Alibaba has appointed country managers to run its U.K. and Italian offices, as it looks to help businesses sell into China and further expand its position on the continent.

The company's London office will serve as Alibaba's European hub with Amee Chande, a former Wal-Mart and Staples U.K. executive taking the reins. Rodrigo Cipriani Foresio, who was previously the chief executive of the online imported Italian food store Buonitalia, will head up the Milan office.

Alibaba hopes to become the "gateway to China" for European brands selling on their numerous e-commerce platforms. The New York-listed company said the country offices would also assist with outbound and inbound logistics and facilitate online payments for Chinese consumers and offline payments for Chinese tourists.

"Chinese consumers are looking for quality, authentic international products and global brands. Europe is a logical first step with its diverse range of unique brands and high-quality products" Michael Evans, president of Alibaba Group, said in a press release on Tuesday.

Alibaba founder and chairman Jack Ma makes a speech during the official opening of the CeBIT trade fair in Hanover March 15, 2015.
Fabian Bimmer | Reuters

Chande and Foresio will report directly to Evans.

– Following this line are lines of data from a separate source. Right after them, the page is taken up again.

(* Consider the hybrid system $\mathcal H$ described in the context, and suppose Assumption 2 (stated in the context) holds. Let $\nu>0$. For each $i\in\{1,\dots,N\}$ select $\sigma_i^\star>0$ and $c_i^\star\ge 0$ with $\sigma_i^\star c_i^\star<1$, select $d_i>d_i^\star:=\frac{\sigma_i^\star}{1-\sigma_i^\star c_i^\star}$, and select $\varepsilon_i^\star>0$ such that $\sum_{i=1}^N(1+d_ic_i^\star)\varepsilon_i^\star\le\nu$. Define, for $q=(x,z,e,\eta)\in\mathcal Q$, $$U(q):=V(x,z)+\sum_{i=1}^N d_i\eta_i .$$ Then there exist $\underline{\alpha}_U,\overline{\alpha}_U\in\mathcal K_\infty$ such that for any choice of $\alpha_i\in\mathcal K_\infty$, $\sigma_i\in[0,\sigma_i^\star]$, $c_i\in[0,c_i^\star]$, $\varepsilon_i\in(0,\varepsilon_i^\star]$ and $b_i\in[0,1]$, $i\in\{1,\dots,N\}$, the following hold: (i) for all $q\in\mathcal Q$, $\underline{\alpha}_U(|(x-\psi(z),\eta)|)\le U(q)\le\overline{\alpha}_U(|(\psi^{-R}(x)-z,\eta)|)$; (ii) for all $q\in\mathcal C$ and all $w=(u,v)\in\mathcal W$, $$\langle\nabla U(q),F(q,w)\rangle\le-\alpha(V(x,z))-\sum_{i=1}^N\delta_i\alpha_i(\eta_i)+\nu+\theta(|v|),$$ where $\alpha,\theta$ are the functions from Assumption 2 and $\delta_i:=d_i-\sigma_i^\star(1+d_ic_i^\star)>0$; (iii) for all $q\in\mathcal D$ and all $\mathfrak g\in G(q)$, $U(\mathfrak g)\le U(q)$.
   Context: Notation: $\mathcal K_\infty$ is the class of continuous, strictly increasing, unbounded functions $\mathbb R_{\ge0}\to\mathbb R_{\ge0}$ vanishing at $0$; $|\cdot|$ is the Euclidean norm. For $S\subseteq\mathbb R^m$, $\mathcal L_S$ is the set of Lebesgue measurable, locally essentially bounded functions $\mathbb R_{\ge0}\to S$. Plant: $\dot x=f_p(x,u,v)$, $y=h(x)$, with $x\in\mathbb R^{n_x}$, input $u\in\mathcal L_{\mathcal U}$, disturbance $v\in\mathcal L_{\mathcal V}$, where $\mathcal U\subseteq\mathbb R^{n_u}$, $\mathcal V\subseteq\mathbb R^{n_v}$, $n_x,n_y\in\mathbb Z_{>0}$, $n_u,n_v\in\mathbb Z_{\ge0}$; $f_p$ is locally Lipschitz in $x$ and continuous in the other arguments, $h:\mathbb R^{n_x}\to\mathbb R^{n_y}$ is continuously differentiable. The output is split into $N\in\{1,\dots,n_y\}$ sensor nodes: $y=(y_1,\dots,y_N)=(h_1(x),\dots,h_N(x))$, $y_i\in\mathbb R^{n_{y_i}}$, $\sum_i n_{y_i}=n_y$. Observer data: $f_o:\mathbb R^{n_z}\times\mathbb R^{n_u}\times\mathbb R^{n_y}\times\mathbb R^{n_y}\to\mathbb R^{n_z}$ continuous ($n_z\ge n_x$), and $\psi:\mathbb R^{n_z}\to\mathbb R^{n_x}$ admitting a right inverse $\psi^{-R}$, i.e. $\psi(\psi^{-R}(x))=x$ for all $x$; the observer has access to $u$ at all times (Assumption 1). Assumption 2: there exist $\underline\alpha,\overline\alpha,\alpha,\gamma_1,\dots,\gamma_N,\theta\in\mathcal K_\infty$ and a continuously differentiable $V:\mathbb R^{n_x}\times\mathbb R^{n_z}\to\mathbb R_{\ge0}$ such that for all $x\in\mathbb R^{n_x}$, $z\in\mathbb R^{n_z}$, $u\in\mathcal U$, $v\in\mathcal V$, $e=(e_1,\dots,e_N)\in\mathbb R^{n_y}$ ($e_i\in\mathbb R^{n_{y_i}}$), $\hat y\in\mathbb R^{n_y}$: $\underline\alpha(|x-\psi(z)|)\le V(x,z)\le\overline\alpha(|\psi^{-R}(x)-z|)$ and $\langle\nabla V(x,z),(f_p(x,u,v),f_o(z,u,h(x)+e,\hat y))\rangle\le-\alpha(V(x,z))+\sum_{i=1}^N\gamma_i(|e_i|)+\theta(|v|)$. Hybrid system $\mathcal H$: for $i=1,\dots,N$ let $\alpha_i\in\mathcal K_\infty$, $c_i\ge0$, $b_i\in[0,1]$, $\sigma_i\ge0$, $\varepsilon_i>0$ be design functions/parameters, and $\gamma_i$ as in Assumption 2. State $q=(x,z,e,\eta)\in\mathcal Q:=\mathbb R^{n_x}\times\mathbb R^{n_z}\times\mathbb R^{n_y}\times\mathbb R^N_{\ge0}$, $e=(e_1,\dots,e_N)$, $\eta=(\eta_1,\dots,\eta_N)$; input $w=(u,v)\in\mathcal W:=\mathcal U\times\mathcal V$. Flow map $F(q,w):=\big(f_p(x,u,v),\,f_o(z,u,h(x)+e,h(\psi(z))),\,g_1(x,w),\dots,g_N(x,w),\,\ell_1(\eta_1,e_1),\dots,\ell_N(\eta_N,e_N)\big)$ with $g_i(x,u,v):=-\frac{\partial h_i(x)}{\partial x}f_p(x,u,v)$ and $\ell_i(\eta_i,e_i):=-\alpha_i(\eta_i)+c_i\gamma_i(|e_i|)$. Flow set $\mathcal C:=\bigcap_{i}\mathcal C_i$, $\mathcal C_i:=\{q\in\mathcal Q:\gamma_i(|e_i|)\le\sigma_i\alpha_i(\eta_i)+\varepsilon_i\}$; jump set $\mathcal D:=\bigcup_i\mathcal D_i$, $\mathcal D_i:=\{q\in\mathcal Q:\gamma_i(|e_i|)\ge\sigma_i\alpha_i(\eta_i)+\varepsilon_i\}$. Jump map $G(q):=\bigcup_iG_i(q)$ where $G_i(q)=\emptyset$ if $q\notin\mathcal D_i$ and, if $q\in\mathcal D_i$, $G_i(q)$ is the single point $(x,z,e',\eta')$ with $e'_i=0$, $e'_j=e_j$, $\eta'_i=b_i\eta_i$, $\eta'_j=\eta_j$ for $j\ne i$. The system is $\dot q=F(q,w)$ for $q\in\mathcal C$, $q^+\in G(q)$ for $q\in\mathcal D$. *)

From HB Require Import structures.
From mathcomp Require Import all_boot all_order all_algebra.
From mathcomp Require Import all_classical all_reals topology normedtype derive.
Set Implicit Arguments. Unset Strict Implicit. Unset Printing Implicit Defensive.
Import Order.TTheory GRing.Theory Num.Theory.
Import numFieldNormedType.Exports.
Local Open Scope classical_set_scope.
Local Open Scope ring_scope.

Section Defs.
Variable R : realType.

(* Euclidean norm on R^n (the library norm on 'rV is the max norm). *)
Definition enorm (n : nat) (v : 'rV[R]_n) : R :=
  Num.sqrt (\sum_(k < n) (v 0 k) ^+ 2).

(* class K_infinity, for functions R_{>=0} -> R_{>=0} (represented on R) *)
Definition Kinf (a : R -> R) : Prop :=
  [/\ a 0 = 0,
      {within [set r : R | 0 <= r], continuous a},
      (forall r s : R, 0 <= r -> r < s -> a r < a s) &
      (forall M : R, exists r : R, 0 <= r /\ M < a r)].

Definition C1 (U W : normedModType R) (f : U -> W) : Prop :=
  (forall x, differentiable f x) /\ (forall v, continuous (fun x => 'd f x v)).

Definition loc_lip_x (nx nu nv : nat)
    (f : 'rV[R]_nx -> 'rV[R]_nu -> 'rV[R]_nv -> 'rV[R]_nx) : Prop :=
  forall r : R, 0 < r -> exists L : R, forall x x' u v,
    enorm x <= r -> enorm x' <= r -> enorm u <= r -> enorm v <= r ->
    enorm (f x u v - f x' u v) <= L * enorm (x - x').

(* sensor-node partition of the output coordinates: coordinate k of y
   belongs to node blk k; e_i is the sub-vector of e on the block of node i *)
Definition blknorm (ny N : nat) (blk : 'I_ny -> 'I_N) (e : 'rV[R]_ny) (i : 'I_N) : R :=
  Num.sqrt (\sum_(k < ny | blk k == i) (e 0 k) ^+ 2).

Definition blkreset (ny N : nat) (blk : 'I_ny -> 'I_N) (e : 'rV[R]_ny) (i : 'I_N)
  : 'rV[R]_ny := \row_k (if blk k == i then 0 else e 0 k).

(* hybrid state q = (x, (z, (e, eta))) *)

Definition Qset (nx nz ny N : nat) : set ('rV[R]_nx * ('rV[R]_nz * ('rV[R]_ny * 'rV[R]_N))) :=
  [set q | forall i : 'I_N, 0 <= (q.2.2.2 : 'rV[R]_N) 0 i].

The announcement comes a day after Jack Ma, Alibaba's founder, was appointed as a business advisor to U.K. Prime Minister David Cameron. Ma's role will be to "provide particular help and advice on how to get small and medium-sized British businesses boosting their exports and in particular accessing Chinese markets through platforms like Alibaba", according to a spokesperson for Cameron.

Alibaba's move also coincides with a visit by Chinese President Xi Jinping, as Britain looks to forge closer economic ties with the world's second-largest economy.

The sprawling business empire built by Ma has been looking to move beyond its home market in other areas too. Earlier this year Aliyun, Alibaba's cloud division, struck a series of partnerships – including one with Intel – which will see it use existing data centers built by the partner companies to push its own services. In August, the company set up its international cloud headquarters in Singapore.